I’m just finishing the book about marketing titled Different, by Youngme Moon. Different: Escaping the Competitive Herd Since one of my life’s goals is to promote gardening and horticulture, learning how to better sell the excitement about growing plants is always something I’m interested in. Dr. Moon is a professor at Harvard, and her book is about the value of stepping out of the marketing mainstream. One way that some products do this is to promote themselves as a “hostile brand.”

Gardening is such a feel-good activity, that it’s hard to imagine promoting it in any other way. People like to be a part of something good, so let’s invite them to the garden party with talk of flowers, fragrance, and great tasting food, right? When they worry that gardening is too much work, let’s reassure them about how easy it can really be.
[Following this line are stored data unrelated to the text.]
Lemma Rpower_Ropp_succ x m : 0 < x -> Rpower x (- (m + 1)) = Rpower x (- m) / x.
Proof.
  intros x_pos; replace (- (m + 1)) with (- m + - (1)) by ring.
  now rewrite Rpower_plus, (Rpower_Ropp x 1), Rpower_1.
Qed.

Lemma Rinv_lt_of_Rinv_lt d x : 0 < d -> / d < x -> / x < d.
Proof.
  intros d_pos lt; rewrite <- (Rinv_inv d).
  assert (0 < / d) by now apply Rinv_0_lt_compat.
  apply Rinv_lt_contravar; nra.
Qed.

Lemma frac_reduce (y x : Z) : (1 <= x)%Z ->
  exists p q, Z.gcd p q = 1%Z /\ (1 <= q <= x)%Z /\ IZR p / IZR q = IZR y / IZR x.
Proof.
  intros x_pos; set (g := Z.gcd y x).
  assert (g_ne0 : g <> 0%Z) by (intro E; apply Z.gcd_eq_0 in E; lia).
  assert (g_ge0 : (0 <= g)%Z) by apply Z.gcd_nonneg.
  destruct (Z.gcd_divide_l y x) as [ky y_eq], (Z.gcd_divide_r y x) as [kx x_eq].
  fold g in y_eq, x_eq.
  assert (coprime := Z.gcd_div_gcd y x g g_ne0 eq_refl).
  rewrite y_eq, x_eq, !Z.div_mul in coprime by exact g_ne0.
  exists ky, kx; split; [exact coprime|]; split; [nia|].
  rewrite y_eq, x_eq, !mult_IZR; field.
  split; apply not_0_IZR; nia.
Qed.

Lemma rational_reduce z : is_rational z ->
  exists p q, Z.gcd p q = 1%Z /\ (0 < q)%Z /\ z = IZR p / IZR q.
Proof.
  intros [y [x [x_pos ->]]].
  destruct (frac_reduce y x ltac:(lia)) as [p [q [coprime [q_range eq]]]].
  exists p, q; repeat split; [exact coprime | lia | now symmetry].
Qed.

(* The case q = 0 is covered by Rocq's convention x / 0 = 0. *)
Lemma irrational_neq_frac z p q : ~ is_rational z -> z <> IZR p / IZR q.
Proof.
  intros irr E; apply irr.
  destruct (Z.lt_trichotomy q 0) as [q_neg|[q_eq0|q_pos]].
  - exists (- p)%Z, (- q)%Z; split; [lia|].
    rewrite E, !opp_IZR; field; apply not_0_IZR; lia.
  - exists 0%Z, 1%Z; split; [lia|].
    rewrite E, q_eq0; unfold Rdiv; rewrite Rinv_0; lra.
  - now exists p, q.
Qed.
Lemma h2norm_gt0 a : H2 a -> (exists k, a k != 0) -> 0 < h2norm a.
Proof.
move=> ha [k]; apply: contraNT; rewrite -leNgt => a_le0.
have a0 : h2sqnorm a = 0.
  by rewrite -sqr_h2norm //; apply/eqP; rewrite sqrf_eq0 eq_le a_le0 h2norm_ge0.
have := cabs2_le_h2sqnorm k ha; rewrite a0 cabs2E => ak_le0.
suff /eq0_normc -> : normc (a k) = 0 by rewrite eqxx.
by apply/eqP; rewrite -sqrf_eq0 eq_le ak_le0 sqr_ge0.
Qed.

Lemma H2D a b : H2 a -> H2 b -> H2 (fun k => a k + b k).
Proof.
move=> ha hb; apply: (@series_le_cvg _ _ (fun k => 2 * (cabs2 (a k) + cabs2 (b k)))).
- by move=> k; apply: cabs2_ge0.
- by move=> k; rewrite mulr_ge0 // addr_ge0 // cabs2_ge0.
- by move=> k; apply: cabs2D_le.
- exact: is_cvg_seriesZ (is_cvg_seriesD ha hb).
Qed.

Lemma H2Z c a : H2 a -> H2 (fun k => c * a k).
Proof.
by move=> ha; rewrite /H2; under eq_fun do rewrite cabs2M; apply: is_cvg_seriesZ.
Qed.

Lemma h2normZ c a : H2 a -> h2norm (fun k => c * a k) = normc c * h2norm a.
Proof.
move=> ha; rewrite /h2norm; under eq_fun do rewrite cabs2M.
by rewrite (lim_seriesZ _ ha) sqrtrM ?cabs2_ge0 // cabs2E sqrtr_sqr ger0_norm ?normc_ge0.
Qed.

Lemma H2N a : H2 a -> H2 (fun k => - a k).
Proof. by move=> ha; rewrite /H2; under eq_fun do rewrite cabs2N. Qed.

Lemma h2normN a : h2norm (fun k => - a k) = h2norm a.
Proof. by rewrite /h2norm; under eq_fun do rewrite cabs2N. Qed.

Lemma H2B a b : H2 a -> H2 b -> H2 (fun k => a k - b k).
Proof. by move=> ha hb; apply: H2D ha (H2N hb). Qed.

Lemma h2normBC a b : h2norm (fun k => a k - b k) = h2norm (fun k => b k - a k).
Proof. by rewrite -h2normN; apply: eq_h2norm => k; rewrite opprB. Qed.

Definition delta0 (k : nat) : C := (k == 0%N)%:R.

Lemma delta0_cvg : series (fun k => cabs2 (delta0 k)) @ \oo --> (1 : R).
Proof.
rewrite -cvg_shiftS.
suff -> : [sequence series (fun k => cabs2 (delta0 k)) n.+1]_n = fun=> 1 by apply: cvg_cst.
apply/funext => N /=; rewrite /series /= big_nat_recl //= big1 => [|k _].
  by rewrite addr0 cabs2E normc1 expr1n.
by rewrite cabs2_0.
Qed.

Lemma H2_delta0 : H2 delta0.
Proof. by apply/cvg_ex; exists 1; apply: delta0_cvg. Qed.

Lemma h2norm_delta0 : h2norm delta0 = 1.
Proof. by rewrite /h2norm (cvg_lim _ delta0_cvg) ?sqrtr1. Qed.

Lemma h2norm0 : h2norm (fun _ : nat => 0 : C) = 0.
Proof.
rewrite (eq_h2norm (b := fun k => 0 * delta0 k)) => [|k]; last by rewrite mul0r.
rewrite h2normZ; last exact: H2_delta0.
by rewrite (_ : normc _ = 0) ?mul0r //; exact: normc0.
Qed.

Definition seq_shift i a k : C := if (i <= k)%N then a (k - i)%N else 0.

Lemma seq_shift_cvg i a : H2 a ->
  series (fun k => cabs2 (seq_shift i a k)) @ \oo --> h2sqnorm a.
Proof.
move=> ha; rewrite -(cvg_shiftn i).
suff -> : [sequence series (fun k => cabs2 (seq_shift i a k)) (n + i)%N]_n =
  series (fun k => cabs2 (a k)) by apply: ha.
apply/funext => N /=; rewrite /series /= (@big_cat_nat _ _ _ i) ?leq_addl //=.
rewrite big_nat_cond big1 => [|k /andP[/andP[_ ki] _]]; last first.
  by rewrite /seq_shift leqNgt ki cabs2_0.
rewrite add0r -{1}(add0n i) big_addn addnK.
by apply: eq_bigr => k _; rewrite /seq_shift leq_addl addnK.
Qed.

Lemma H2_shift i a : H2 a -> H2 (seq_shift i a).
Proof. by move=> ha; apply/cvg_ex; exists (h2sqnorm a); apply: seq_shift_cvg. Qed.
That’s how we’ve promoted horticulture in recent days, and frankly, it hasn’t been working all that well. And I don’t know about you, but it hasn’t escaped my notice that it’s the male “marketing experts” who keep talking about making gardening easier for the female consumers. When I hear comments such as “She doesn’t want to get her high-heels dirty at the garden center,” or “She wants to be able to decorate her patio with a pretty plant, but she doesn’t want it to be work,” I’m transported back to the “Don’t worry your pretty little head about it…” days.

Women are the main consumers of plants, but marketing gardening as easy hasn’t fooled them in the slightest. They soon figure out that all the talk about “low-maintenance” is a lie. I think it’s time to stop dumbing gardening down. Maybe we should become more aggressive and shake things up.

Perhaps it’s time to challenge both genders with the truth: Gardening is sweaty, dirty and there are no guarantees. It take thought and effort, and it’s totally worth it.

Do you have what it takes to be a gardener?

Do you have what it takes to be a gardener?